Exercise description »
From the entries below, output the line with "- apply dominated_w_decay, Q4_sqr_dominated." and each following line up to and including the line with "1), Q4_dominated, D_small].", exactly as written.

Excerpted records »

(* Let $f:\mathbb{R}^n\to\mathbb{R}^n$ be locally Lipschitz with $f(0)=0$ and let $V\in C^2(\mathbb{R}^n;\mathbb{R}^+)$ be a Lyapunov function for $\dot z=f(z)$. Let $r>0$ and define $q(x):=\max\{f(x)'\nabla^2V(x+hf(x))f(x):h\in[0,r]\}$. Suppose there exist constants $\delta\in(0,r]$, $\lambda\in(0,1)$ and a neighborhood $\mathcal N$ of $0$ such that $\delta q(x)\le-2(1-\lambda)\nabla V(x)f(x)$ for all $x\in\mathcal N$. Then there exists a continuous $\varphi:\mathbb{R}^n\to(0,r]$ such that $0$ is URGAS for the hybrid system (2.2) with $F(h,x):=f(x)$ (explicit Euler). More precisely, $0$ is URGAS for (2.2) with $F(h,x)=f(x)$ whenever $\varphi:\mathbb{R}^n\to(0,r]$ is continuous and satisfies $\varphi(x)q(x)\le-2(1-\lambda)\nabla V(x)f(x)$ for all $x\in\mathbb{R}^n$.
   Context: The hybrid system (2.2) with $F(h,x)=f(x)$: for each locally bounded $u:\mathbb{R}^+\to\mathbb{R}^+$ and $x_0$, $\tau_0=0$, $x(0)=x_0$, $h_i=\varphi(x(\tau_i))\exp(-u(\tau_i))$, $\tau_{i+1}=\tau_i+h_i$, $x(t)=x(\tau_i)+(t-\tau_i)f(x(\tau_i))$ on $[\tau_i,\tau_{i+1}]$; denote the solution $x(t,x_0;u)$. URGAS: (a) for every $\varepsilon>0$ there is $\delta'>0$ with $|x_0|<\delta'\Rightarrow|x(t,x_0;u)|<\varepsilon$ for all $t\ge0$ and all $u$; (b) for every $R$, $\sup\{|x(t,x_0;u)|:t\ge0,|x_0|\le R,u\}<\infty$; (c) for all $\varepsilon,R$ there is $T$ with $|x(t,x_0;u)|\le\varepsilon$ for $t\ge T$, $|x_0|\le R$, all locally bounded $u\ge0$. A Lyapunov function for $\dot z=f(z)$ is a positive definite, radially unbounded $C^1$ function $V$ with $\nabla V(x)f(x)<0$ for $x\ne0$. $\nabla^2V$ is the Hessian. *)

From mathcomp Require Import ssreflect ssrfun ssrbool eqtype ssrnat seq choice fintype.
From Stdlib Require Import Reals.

...

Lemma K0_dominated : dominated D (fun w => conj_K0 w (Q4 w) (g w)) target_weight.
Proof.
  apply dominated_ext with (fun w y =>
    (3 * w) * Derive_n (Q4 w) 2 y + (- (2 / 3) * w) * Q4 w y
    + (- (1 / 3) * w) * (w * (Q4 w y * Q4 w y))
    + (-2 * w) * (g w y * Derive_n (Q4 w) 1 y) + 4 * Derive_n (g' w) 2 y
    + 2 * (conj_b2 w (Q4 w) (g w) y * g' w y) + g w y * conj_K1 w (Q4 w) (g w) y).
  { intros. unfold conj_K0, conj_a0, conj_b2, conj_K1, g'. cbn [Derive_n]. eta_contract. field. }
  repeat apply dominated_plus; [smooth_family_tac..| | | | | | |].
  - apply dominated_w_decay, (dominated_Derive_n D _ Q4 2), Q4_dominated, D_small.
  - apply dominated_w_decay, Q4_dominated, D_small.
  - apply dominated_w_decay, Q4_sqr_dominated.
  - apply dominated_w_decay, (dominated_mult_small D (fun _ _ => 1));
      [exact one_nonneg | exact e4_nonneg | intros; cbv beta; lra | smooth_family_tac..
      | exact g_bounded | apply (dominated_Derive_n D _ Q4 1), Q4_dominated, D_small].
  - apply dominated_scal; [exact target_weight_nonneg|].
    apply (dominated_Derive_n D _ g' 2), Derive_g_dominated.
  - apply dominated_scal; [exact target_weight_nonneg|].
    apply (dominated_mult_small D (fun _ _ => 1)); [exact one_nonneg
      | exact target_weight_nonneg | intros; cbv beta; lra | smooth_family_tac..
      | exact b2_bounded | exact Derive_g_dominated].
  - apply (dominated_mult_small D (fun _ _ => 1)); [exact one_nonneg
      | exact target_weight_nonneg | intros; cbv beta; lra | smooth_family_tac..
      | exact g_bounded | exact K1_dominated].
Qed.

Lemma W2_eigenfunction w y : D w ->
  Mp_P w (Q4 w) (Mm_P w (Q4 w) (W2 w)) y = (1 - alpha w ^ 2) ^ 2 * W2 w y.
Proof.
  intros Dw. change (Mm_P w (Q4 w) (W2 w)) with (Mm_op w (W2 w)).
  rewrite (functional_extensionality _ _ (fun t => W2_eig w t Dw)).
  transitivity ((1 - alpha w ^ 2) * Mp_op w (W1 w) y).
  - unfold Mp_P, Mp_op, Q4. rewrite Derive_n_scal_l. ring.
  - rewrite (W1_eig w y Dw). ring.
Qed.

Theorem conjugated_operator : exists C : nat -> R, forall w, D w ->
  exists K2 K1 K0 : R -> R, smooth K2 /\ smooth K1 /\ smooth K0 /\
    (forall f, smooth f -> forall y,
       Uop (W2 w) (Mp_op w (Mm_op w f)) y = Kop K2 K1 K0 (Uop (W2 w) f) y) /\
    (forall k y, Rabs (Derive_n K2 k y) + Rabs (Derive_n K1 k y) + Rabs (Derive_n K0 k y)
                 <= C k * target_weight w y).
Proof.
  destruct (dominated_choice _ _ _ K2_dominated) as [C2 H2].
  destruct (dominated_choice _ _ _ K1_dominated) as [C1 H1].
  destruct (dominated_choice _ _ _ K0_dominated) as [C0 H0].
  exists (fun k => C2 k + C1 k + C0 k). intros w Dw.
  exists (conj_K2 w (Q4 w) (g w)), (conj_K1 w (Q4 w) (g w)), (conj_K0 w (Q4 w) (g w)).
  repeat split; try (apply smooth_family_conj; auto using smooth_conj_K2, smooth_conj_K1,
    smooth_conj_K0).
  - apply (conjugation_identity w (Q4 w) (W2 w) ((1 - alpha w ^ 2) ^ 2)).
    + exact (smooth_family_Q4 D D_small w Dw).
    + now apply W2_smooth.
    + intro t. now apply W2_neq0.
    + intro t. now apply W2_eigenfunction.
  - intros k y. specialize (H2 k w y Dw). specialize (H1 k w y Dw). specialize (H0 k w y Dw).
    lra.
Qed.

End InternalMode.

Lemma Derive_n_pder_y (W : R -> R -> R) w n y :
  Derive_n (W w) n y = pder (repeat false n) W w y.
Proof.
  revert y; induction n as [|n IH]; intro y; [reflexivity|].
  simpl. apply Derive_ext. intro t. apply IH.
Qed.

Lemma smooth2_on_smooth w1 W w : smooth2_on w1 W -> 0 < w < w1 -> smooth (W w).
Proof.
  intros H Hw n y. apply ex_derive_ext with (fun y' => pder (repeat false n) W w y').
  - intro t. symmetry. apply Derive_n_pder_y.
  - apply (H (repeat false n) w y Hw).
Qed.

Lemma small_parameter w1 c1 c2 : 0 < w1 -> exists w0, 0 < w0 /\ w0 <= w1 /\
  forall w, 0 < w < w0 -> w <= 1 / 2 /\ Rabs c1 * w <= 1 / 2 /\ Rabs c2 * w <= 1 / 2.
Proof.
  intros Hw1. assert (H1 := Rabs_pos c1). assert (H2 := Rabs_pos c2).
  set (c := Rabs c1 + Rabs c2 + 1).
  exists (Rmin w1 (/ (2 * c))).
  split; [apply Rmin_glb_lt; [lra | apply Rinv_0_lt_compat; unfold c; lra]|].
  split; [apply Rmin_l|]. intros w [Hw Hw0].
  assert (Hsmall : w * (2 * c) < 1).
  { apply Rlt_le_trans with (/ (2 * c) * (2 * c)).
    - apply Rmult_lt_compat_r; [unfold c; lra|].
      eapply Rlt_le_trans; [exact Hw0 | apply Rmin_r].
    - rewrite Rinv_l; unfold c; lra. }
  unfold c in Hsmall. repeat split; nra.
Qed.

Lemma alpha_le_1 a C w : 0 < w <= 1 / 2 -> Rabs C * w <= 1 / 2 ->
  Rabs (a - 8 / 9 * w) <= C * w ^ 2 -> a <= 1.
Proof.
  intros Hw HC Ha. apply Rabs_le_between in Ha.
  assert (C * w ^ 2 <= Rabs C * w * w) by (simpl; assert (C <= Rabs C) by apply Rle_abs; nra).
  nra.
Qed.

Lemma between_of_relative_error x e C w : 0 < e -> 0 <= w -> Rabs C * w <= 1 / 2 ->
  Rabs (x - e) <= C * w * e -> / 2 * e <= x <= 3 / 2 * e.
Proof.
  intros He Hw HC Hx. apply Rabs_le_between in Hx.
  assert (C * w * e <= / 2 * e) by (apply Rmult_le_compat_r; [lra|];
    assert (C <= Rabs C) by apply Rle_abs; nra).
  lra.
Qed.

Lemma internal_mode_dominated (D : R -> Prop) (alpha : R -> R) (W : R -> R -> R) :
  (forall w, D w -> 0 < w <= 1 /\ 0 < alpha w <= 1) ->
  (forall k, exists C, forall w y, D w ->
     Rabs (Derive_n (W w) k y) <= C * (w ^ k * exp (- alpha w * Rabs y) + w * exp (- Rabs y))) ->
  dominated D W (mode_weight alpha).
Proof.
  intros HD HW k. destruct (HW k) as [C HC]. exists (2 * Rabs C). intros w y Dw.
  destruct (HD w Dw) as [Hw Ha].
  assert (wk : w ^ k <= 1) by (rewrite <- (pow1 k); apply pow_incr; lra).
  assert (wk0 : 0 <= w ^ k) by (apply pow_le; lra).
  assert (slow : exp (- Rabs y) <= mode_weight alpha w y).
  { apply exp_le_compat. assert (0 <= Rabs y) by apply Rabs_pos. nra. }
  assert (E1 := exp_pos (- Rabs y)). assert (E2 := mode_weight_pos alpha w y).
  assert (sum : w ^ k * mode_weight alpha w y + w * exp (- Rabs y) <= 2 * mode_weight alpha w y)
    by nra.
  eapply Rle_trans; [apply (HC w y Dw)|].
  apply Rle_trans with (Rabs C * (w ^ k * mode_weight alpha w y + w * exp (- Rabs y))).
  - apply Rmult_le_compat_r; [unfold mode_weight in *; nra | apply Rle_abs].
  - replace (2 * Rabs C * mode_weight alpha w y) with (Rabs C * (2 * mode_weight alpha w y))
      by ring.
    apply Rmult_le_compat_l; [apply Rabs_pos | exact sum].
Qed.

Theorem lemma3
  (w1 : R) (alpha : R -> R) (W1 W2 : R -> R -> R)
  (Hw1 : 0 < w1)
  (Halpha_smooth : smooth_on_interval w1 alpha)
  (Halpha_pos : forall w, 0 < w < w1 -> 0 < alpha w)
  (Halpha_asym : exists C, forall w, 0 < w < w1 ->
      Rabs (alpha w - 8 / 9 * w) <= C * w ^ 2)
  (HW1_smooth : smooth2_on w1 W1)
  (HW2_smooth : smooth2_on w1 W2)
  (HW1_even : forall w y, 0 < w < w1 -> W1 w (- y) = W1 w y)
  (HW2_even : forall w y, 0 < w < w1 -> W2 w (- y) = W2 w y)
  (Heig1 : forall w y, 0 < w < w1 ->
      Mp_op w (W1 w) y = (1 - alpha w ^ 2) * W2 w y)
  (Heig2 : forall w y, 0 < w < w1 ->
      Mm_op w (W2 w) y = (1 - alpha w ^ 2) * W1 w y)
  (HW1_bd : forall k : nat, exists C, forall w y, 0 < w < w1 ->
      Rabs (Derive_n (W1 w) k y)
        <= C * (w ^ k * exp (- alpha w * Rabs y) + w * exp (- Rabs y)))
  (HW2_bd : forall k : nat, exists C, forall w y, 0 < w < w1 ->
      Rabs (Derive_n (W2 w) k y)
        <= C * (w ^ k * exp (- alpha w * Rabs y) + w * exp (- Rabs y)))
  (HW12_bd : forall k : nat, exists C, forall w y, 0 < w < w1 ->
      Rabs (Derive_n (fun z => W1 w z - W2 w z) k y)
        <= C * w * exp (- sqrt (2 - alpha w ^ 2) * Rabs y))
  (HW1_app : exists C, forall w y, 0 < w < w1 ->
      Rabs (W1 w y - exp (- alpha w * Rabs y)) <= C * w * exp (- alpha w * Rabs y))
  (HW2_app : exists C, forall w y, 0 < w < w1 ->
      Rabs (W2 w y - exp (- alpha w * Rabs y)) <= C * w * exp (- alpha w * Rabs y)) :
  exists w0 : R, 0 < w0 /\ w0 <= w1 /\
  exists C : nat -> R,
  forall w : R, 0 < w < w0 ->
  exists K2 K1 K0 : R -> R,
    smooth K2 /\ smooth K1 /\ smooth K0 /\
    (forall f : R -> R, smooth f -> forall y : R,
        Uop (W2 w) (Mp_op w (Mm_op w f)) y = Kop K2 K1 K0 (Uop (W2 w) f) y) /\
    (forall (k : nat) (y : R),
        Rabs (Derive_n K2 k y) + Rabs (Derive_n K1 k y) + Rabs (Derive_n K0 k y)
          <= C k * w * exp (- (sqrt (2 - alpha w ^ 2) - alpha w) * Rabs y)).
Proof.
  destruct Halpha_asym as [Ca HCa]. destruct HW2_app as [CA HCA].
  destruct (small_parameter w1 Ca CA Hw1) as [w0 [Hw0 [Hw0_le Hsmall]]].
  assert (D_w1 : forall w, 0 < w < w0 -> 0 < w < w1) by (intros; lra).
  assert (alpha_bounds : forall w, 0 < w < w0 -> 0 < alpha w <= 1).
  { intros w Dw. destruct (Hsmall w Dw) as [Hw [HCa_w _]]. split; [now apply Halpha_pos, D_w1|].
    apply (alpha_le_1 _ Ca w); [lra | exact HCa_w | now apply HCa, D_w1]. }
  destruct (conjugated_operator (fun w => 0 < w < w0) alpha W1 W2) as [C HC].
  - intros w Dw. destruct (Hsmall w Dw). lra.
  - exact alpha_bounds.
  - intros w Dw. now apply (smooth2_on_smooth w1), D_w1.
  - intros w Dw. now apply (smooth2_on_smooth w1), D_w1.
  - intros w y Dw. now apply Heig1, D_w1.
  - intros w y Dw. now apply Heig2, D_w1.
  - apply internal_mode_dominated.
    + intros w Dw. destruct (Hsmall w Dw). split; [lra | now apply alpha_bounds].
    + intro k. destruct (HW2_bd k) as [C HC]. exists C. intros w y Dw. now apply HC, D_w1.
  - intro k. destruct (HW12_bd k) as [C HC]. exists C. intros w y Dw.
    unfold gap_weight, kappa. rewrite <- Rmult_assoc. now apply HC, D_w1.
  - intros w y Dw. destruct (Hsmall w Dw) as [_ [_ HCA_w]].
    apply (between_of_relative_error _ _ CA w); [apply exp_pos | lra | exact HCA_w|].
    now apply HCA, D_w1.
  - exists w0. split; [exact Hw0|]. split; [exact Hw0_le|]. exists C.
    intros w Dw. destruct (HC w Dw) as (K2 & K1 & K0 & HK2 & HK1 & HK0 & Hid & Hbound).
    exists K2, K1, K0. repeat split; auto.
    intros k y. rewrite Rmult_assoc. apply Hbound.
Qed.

Expected answer »
  - apply dominated_w_decay, Q4_sqr_dominated.
  - apply dominated_w_decay, (dominated_mult_small D (fun _ _ => 1));
      [exact one_nonneg | exact e4_nonneg | intros; cbv beta; lra | smooth_family_tac..
      | exact g_bounded | apply (dominated_Derive_n D _ Q4 1), Q4_dominated, D_small].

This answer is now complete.